Der Film „Shopaholic – Die Schnäppchenjägerin“ machte im Jahr 2009 auf eine ernstzunehmende Krankheit aufmerksam: die Kaufsucht. So gut wie in den Film sieht der Alltag eines Shoppingssüchtigen leider nicht aus. Was ist Kaufzwang? Wann spricht man von einer Sucht? Und welche Behandlungen gibt es?
Kaufrausch, Kaufwahn, Kaufzwang. Die Kaufsucht hat viele Namen. Sie beschreibt aber immer eine psychische Störung bei Konsumenten, die sich durch zwanghaftes, episodisches Kaufen von Waren äußert. Wie bei Alkoholabhängigen kommt es zu einem Rausch, wenn die Betroffenen Waren in den Einkaufswagen legen und bezahlen. Dabei ist es egal, ob man die neue Jeans braucht oder nicht. Kaufen macht glücklich. Deshalb kauft man weiter. Die Glückshormone, die dabei ausgeschüttet werden, machen süchtig.

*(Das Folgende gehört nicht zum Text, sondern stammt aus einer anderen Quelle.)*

Lemma mup_level_factors :
  [disjoint char_supp phi & plen_below le k] ->
  mup 1 (\prod_i level_factor i) = #|char_supp phi :&: plen_level le k|.
Proof.
move=> triv_below; have triv_i i : i \in plen_below le k -> i \notin char_supp phi.
  by move=> iB; rewrite (disjointFl triv_below).
rewrite mup_prod => [|i _]; last first.
  have [/level_factor_supp ->|nSL] := boolP (i \in char_supp phi :&: plen_level le k).
    exact: one_subX_neq0.
  by apply: contraNneq (level_factor_nroot (@triv_i i) nSL) => ->; rewrite root0.
rewrite -sum1_card [RHS]big_mkcond; apply: eq_bigr => i _ /=.
have [/level_factor_supp ->|nSL] := boolP (i \in char_supp phi :&: plen_level le k).
  exact: mup_one_subX.
exact: mupNroot (level_factor_nroot (@triv_i i) nSL).
Qed.

End CharacterFactors.

Section LambdaClasses.
Variables (I : finType) (H : I -> finZmodType) (le : rel I).
Hypotheses (le_poset : is_poset le) (le_hier : hierarchical le).

Lemma Lambda_rel_card_supp_level k (chi psi : forall i, H i -> algC) :
  (forall i, is_character (chi i)) -> (forall i, is_character (psi i)) ->
  [disjoint char_supp chi & plen_below le k] ->
  [disjoint char_supp psi & plen_below le k] ->
  Lambda_rel le chi psi ->
  #|char_supp chi :&: plen_level le k| = #|char_supp psi :&: plen_level le k|.
Proof.
move=> chi_char psi_char chi_below psi_below chi_psi.
rewrite -mup_level_factors // -mup_level_factors //.
by rewrite -!sum_char_wt_poly // (Lambda_rel_sum_wt (wt_poly le k) chi_psi).
Qed.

Man will immer mehr.
Fangen wir am Anfang an: Oniomanie ist zum ersten Mal im Jahr 1909 von Emil Kraepelin beschrieben worden. Laut der Studie "Cumpulsive Buying" aus dem Jahr 2013 sind 7% der Deutschen kaufsüchtig mit einer steigenden Tendenz. Männer und Frauen sind gleich stark davon betroffen. Jedoch sind die jüngeren Konsumenten eher kaufsüchtig als ältere. Das Kaufverhalten ist ebenfalls unterschiedlich: Manche greifen bei allen Schnäppchen zu, die sie sehen, andere kaufen nur Markenprodukte oder haben sich auf Kaffeemaschinen, CDs, Bücher, Kosmetikartikel, etc. fokussiert.
Es wird angenommen, dass eine Persönlichkeitsstörung zugrunde liegt. Nach Ansicht der meisten Autoren spielt auch das verminderte Selbstwertgefühl eine Rolle. Wie andere Suchtmittel werden beim Shoppen negative Gefühle und Frustrationen verdrängt. Neben der Kaufsucht leiden die Betroffenen häufig an Depressionen, Angst- oder an anderen psychischen Störungen.